Abstract:Commit message generation (CMG) is a challenging task in automated software engineering that aims to generate natural language descriptions of code changes for commits. Previous methods all start from the modified code snippets, outputting commit messages through template-based, retrieval-based, or learning-based models. While these methods can summarize what is modified from the perspective of code, they struggle to provide reasons for the commit. The correlation between commits and issues that could be a critical factor for generating rational commit messages is still unexplored.
In this work, we delve into the correlation between commits and issues from the perspective of dataset and methodology. We construct the first dataset anchored on combining correlated commits and issues. The dataset consists of an unlabeled commit-issue parallel part and a labeled part in which each example is provided with human-annotated rational information in the issue. Furthermore, we propose \tool (\underline{Ex}traction, \underline{Gro}unding, \underline{Fi}ne-tuning), a novel paradigm that can introduce the correlation between commits and issues into the training phase of models. To evaluate whether it is effective, we perform comprehensive experiments with various state-of-the-art CMG models. The results show that compared with the original models, the performance of \tool-enhanced models is significantly improved.
What problem does this paper attempt to address?
### The Problem the Paper Attempts to Solve
This paper attempts to address a significant issue in the task of Commit Message Generation (CMG): existing methods can only extract information from the code itself to generate commit messages but cannot provide the reasons for the modifications. Specifically, current CMG methods mainly rely on code snippet modifications to generate natural language descriptions, but these methods often overlook issues (bug reports or feature requests) related to the commits, which usually contain specific reasons and background information for the modifications.

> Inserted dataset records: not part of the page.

(* Assume the problem is a quadratic program: there are constant matrices $H\in\mathbb{R}^{n\times n}$, $A_{\mathcal I}\in\mathbb{R}^{m_{\mathcal I}\times n}$, $A_{\mathcal E}\in\mathbb{R}^{m_{\mathcal E}\times n}$ with $H(x,\lambda)\equiv H$, $A_{\mathcal I}(x)\equiv A_{\mathcal I}$, $A_{\mathcal E}(x)\equiv A_{\mathcal E}$. In the setting of the context (with the sequences $\{\mu_k\}$, $\{w_k\}$, subsequence $\mathcal K$), for all $k\in\mathcal K$ sufficiently large and all $q\ge1$, $$J_F(w_{k+1})\,\hat w^{w^*,q+1}_{k+1}=-\sum_{i=1}^q\binom{q+1}{i}\begin{pmatrix}0\\ \bigl[\hat\Lambda^{w^*,q+1-i}_{k+1}\bigr]_{\mathcal I}A_{\mathcal I}\hat x^{w^*,i}_{k+1}\\ 0\end{pmatrix}.$$
   Context: Problem: minimize $f(x)$ subject to $c_{\mathcal I}(x)\ge0$, $c_{\mathcal E}(x)=0$, $f,c_i\colon\mathbb{R}^n\to\mathbb{R}$, $c=(c_{\mathcal I}^T,c_{\mathcal E}^T)^T\in\mathbb{R}^m$, $m=m_{\mathcal I}+m_{\mathcal E}$. Notation: $g=\nabla f$, $A$ the Jacobian of $c$, $H(x,\lambda)$ the Hessian in $x$ of $f(x)-\lambda^Tc(x)$, $[\cdot]_S$ rows indexed by $S$, uppercase = diagonal matrix of the lowercase vector (so $\hat\Lambda=\mathrm{diag}(\hat\lambda)$), $e$ the all-ones vector, $w=(x,\lambda)$ with superscripts/subscripts applying to both parts. $F^\mu(x,\lambda)=\bigl(g(x)-A(x)^T\lambda;\ C_{\mathcal I}(x)[\lambda]_{\mathcal I}-\mu e;\ c_{\mathcal E}(x)\bigr)$ with Jacobian $J_F$ in $w$. Let $x^*$ be a KKT point at which LICQ, strict complementarity (multiplier $\lambda^*$ with $[\lambda^*]_i>0$ for active inequality indices) and strong second-order sufficiency ($p^TH(x^*,\lambda^* )p\ge\omega\|p\|^2$, $\omega>0$, for all $p$ orthogonal to all active constraint gradients) hold; $w^*=(x^*,\lambda^* )$. Let $w^{w^*,0}$ be the locally unique smooth function near $0$ with $F^0(w^{w^*,0}(r))=r$, $w^{w^*,0}(0)=w^*$; with $\mathrm{nml}(r)=r/\|r\|$ ($r\ne0$), $\mathrm{nml}(0)=0$, let $w^{w^*,\mu,r}(\rho)=w^{w^*,0}(\rho\,\mathrm{nml}(r)+(0,\mu e^T,0)^T)$. Let $\{\mu_k\}$ be strictly decreasing positive, $\{w_k\}$ with $\|F^{\mu_k}(w_{k+1})\|\le\epsilon(\mu_k)$, $\epsilon(\mu)=\Theta(\mu)$ positive, and $w_{k+1}\to w^*$ along a subsequence $\mathcal K$. Set $r_{k+1}=F^{\mu_{k+1}}(w_{k+1})$ and for $q\ge1$ $$\hat w^{w^*,q}_{k+1}=\frac{d^q w^{w^*,\mu_{k+1},r_{k+1}}(\rho)}{d\rho^q}\Big|_{\rho=\|r_{k+1}\|}\cdot(-\|r_{k+1}\|)^q.$$ *)

From HB Require Import structures.
From mathcomp Require Import all_boot all_order all_algebra.
From mathcomp Require Import all_classical all_reals all_analysis.
Set Implicit Arguments. Unset Strict Implicit. Unset Printing Implicit Defensive.
Import Order.TTheory GRing.Theory Num.Theory.
Import numFieldNormedType.Exports.
Local Open Scope ring_scope.
Local Open Scope classical_set_scope.

Section Defs.
Variable R : realType.

Definition enorm (k : nat) (v : 'cV[R]_k) : R := Num.sqrt (\sum_i v i 0 ^+ 2).

Definition nml (k : nat) (r : 'cV[R]_k) : 'cV[R]_k :=
  if r == 0 then 0 else (enorm r)^-1 *: r.

(* Componentwise product of two vectors:  diag(u) v. *)
Definition cwmul (k : nat) (u v : 'cV[R]_k) : 'cV[R]_k := \col_i (u i 0 * v i 0).

Variables (n mI mE : nat).
(* Quadratic program data: f(x) = 1/2 x^T H x + d^T x (H symmetric),
   c_I(x) = A_I x - b_I, c_E(x) = A_E x - b_E. *)
Variables (H : 'M[R]_n) (d : 'cV[R]_n)
          (AI : 'M[R]_(mI, n)) (bI : 'cV[R]_mI)
          (AE : 'M[R]_(mE, n)) (bE : 'cV[R]_mE).

Definition qp_g (x : 'cV[R]_n) : 'cV[R]_n := H *m x + d.
Definition qp_cI (x : 'cV[R]_n) : 'cV[R]_mI := AI *m x - bI.
Definition qp_cE (x : 'cV[R]_n) : 'cV[R]_mE := AE *m x - bE.
Definition qp_A : 'M[R]_(mI + mE, n) := col_mx AI AE.

Definition wx (w : 'cV[R]_(n + (mI + mE))) : 'cV[R]_n := usubmx w.
Definition wl (w : 'cV[R]_(n + (mI + mE))) : 'cV[R]_(mI + mE) := dsubmx w.
Definition wlI (w : 'cV[R]_(n + (mI + mE))) : 'cV[R]_mI := usubmx (wl w).

Definition Fmu (mu : R) (w : 'cV[R]_(n + (mI + mE))) : 'cV[R]_(n + (mI + mE)) :=
  col_mx (qp_g (wx w) - qp_A^T *m wl w)
         (col_mx (cwmul (qp_cI (wx w)) (wlI w) - mu *: const_mx 1)
                 (qp_cE (wx w))).

Definition shift (mu : R) : 'cV[R]_(n + (mI + mE)) :=
  col_mx 0 (col_mx (mu *: const_mx 1) 0).

End Defs.

Definition jacF (R : realType) (M N : nat) (F : 'cV[R]_N -> 'cV[R]_M)
  (w : 'cV[R]_N) : 'M[R]_(M, N) :=
  \matrix_(i, j) (derive F w (delta_mx j 0 : 'cV[R]_N)) i 0.

Fixpoint iterD (R : realType) (N M : nat) (vs : seq 'cV[R]_N)
  (f : 'cV[R]_N -> 'cV[R]_M) : 'cV[R]_N -> 'cV[R]_M :=
  match vs with
  | [::] => f
  | v :: vs' => fun x => derive (iterD vs' f) x v
  end.

Definition smooth_on (R : realType) (N M : nat) (U : set 'cV[R]_N)
  (f : 'cV[R]_N -> 'cV[R]_M) : Prop :=
  forall vs : seq 'cV[R]_N,
    (forall x v, U x -> derivable (iterD vs f) x v) /\
    {within U, continuous (iterD vs f)}.

Definition wpath (R : realType) (n mI mE : nat)
  (W : 'cV[R]_(n + (mI + mE)) -> 'cV[R]_(n + (mI + mE)))
  (mu : R) (r : 'cV[R]_(n + (mI + mE))) (rho : R) : 'cV[R]_(n + (mI + mE)) :=
  W (rho *: nml r + shift n mI mE mu).

Definition what (R : realType) (n mI mE : nat)
  (W : 'cV[R]_(n + (mI + mE)) -> 'cV[R]_(n + (mI + mE)))
  (mu : R) (r : 'cV[R]_(n + (mI + mE))) (q : nat) : 'cV[R]_(n + (mI + mE)) :=
  (- enorm r) ^+ q *: derive1n q (wpath W mu r) (enorm r).

From Pilot Require Import Defs.
From HB Require Import structures.
From mathcomp Require Import all_boot all_order all_algebra.
From mathcomp Require Import all_classical all_reals all_analysis.
From mathcomp Require Import ring lra.
Import Order.TTheory GRing.Theory Num.Theory.
Import numFieldNormedType.Exports.
Local Open Scope ring_scope.
Local Open Scope classical_set_scope.

(* For a quadratic program, F^0 is a quadratic map w |-> c + L w + B(w, w) whose
   bilinear part B(v, v') = (0; diag([v]_I) A_I [v']_x; 0) comes from the
   complementarity block.  Along the curve gamma(rho) = W(rho u + s) we have
   F^0(gamma(rho)) = rho u + s, affine in rho, so its derivatives of order >= 2
   vanish; by Leibniz' rule this says
     J_F(gamma) gamma^(q+1) = - sum_(1 <= i <= q) C(q+1, i) B(gamma^(q+1-i), gamma^(i)),
   and since (-|r|)^(q+1) = (-|r|)^(q+1-i) (-|r|)^i, scaling by (-|r|)^(q+1) gives
   the claimed identity at gamma(|r|) = W(F^0(w_(k+1))).  Finally
   W(F^0(w_(k+1))) = w_(k+1) for large k: differentiating F^0 o W = id at 0 shows
   that the Jacobian of F^0 at w* is invertible, so the quadratic map F^0 is
   injective near w*, and both points tend to w*.
   Only W, its smoothness and the convergence of w_(k+1) are used. *)

Section MatrixCurves.
Context {R : realFieldType}.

### Background and Motivation
In the software development process, the role of commit messages is to summarize and explain the purpose of the commits. A high-quality commit message can help code reviewers quickly understand the content and purpose of the commit without delving into complex code. However, manually writing high-quality commit messages is time-consuming and prone to errors. Therefore, researchers have proposed various techniques for automatically generating commit messages, which can convert code modifications into natural language descriptions. Although these methods have improved the generation quality to some extent, they still face the problem of generating meaningless or unreasonable commit messages.
### Main Contributions
1. **High-Quality Commit-Issue Parallel Dataset**: This is the first dataset that can be used to explore the correlation between commits and issues, containing both annotated and unannotated data.
2. **ExGroFi Paradigm**: A new training paradigm called ExGroFi (Extract, Ground, Fine-tune) is proposed, which improves pre-trained CMG models by incorporating reasonable information from issue reports.
3. **Comprehensive Evaluation**: Extensive experimental evaluations of ExGroFi were conducted, including comparative studies, performance validation at each stage, and human evaluations. The results show that ExGroFi significantly enhances the performance of CMG models in multiple aspects.
### Method Overview
1. **Dataset Construction**:
- **Collection**: Collect commit and related issue data from Java projects on GitHub.
- **Text Processing**: Preprocess the collected text data, including replacing URLs, code snippets, etc.
- **Filtering**: Remove automatically generated commit messages and excessively long data.
2. **Annotation**:
- **Definition**: Define two types of fine-grained information: issue types (bug reports, feature requests, enhancements) and status information (actual status and expected status).
- **Annotation Process**: Use the Label Studio platform for annotation, with each issue being classified and status information extracted by five annotators.
3. **ExGroFi Paradigm**:
- **Extraction Phase**: Extract status information from issue reports and use issue types as feature inputs.
- **Grounding Phase**: Use the extracted status information as target outputs to train the pre-trained CMG model, resulting in a refined model Fgrounded.
- **Fine-tuning Phase**: Use code modifications to train Fgrounded, generating more reasonable commit messages.
### Experimental Results
Experimental results show that the ExGroFi paradigm significantly improves the performance of existing CMG models, especially in generating commit messages that include reasons and background information for the modifications. Additionally, human evaluations confirm that the commit messages generated by ExGroFi are improved in terms of reasonableness, comprehensiveness, conciseness, and expressiveness.
### Conclusion
By constructing a high-quality commit-issue parallel dataset and proposing the ExGroFi paradigm, this paper effectively addresses the problem of existing CMG methods being unable to generate reasonable commit messages, providing an important foundation and direction for future related research.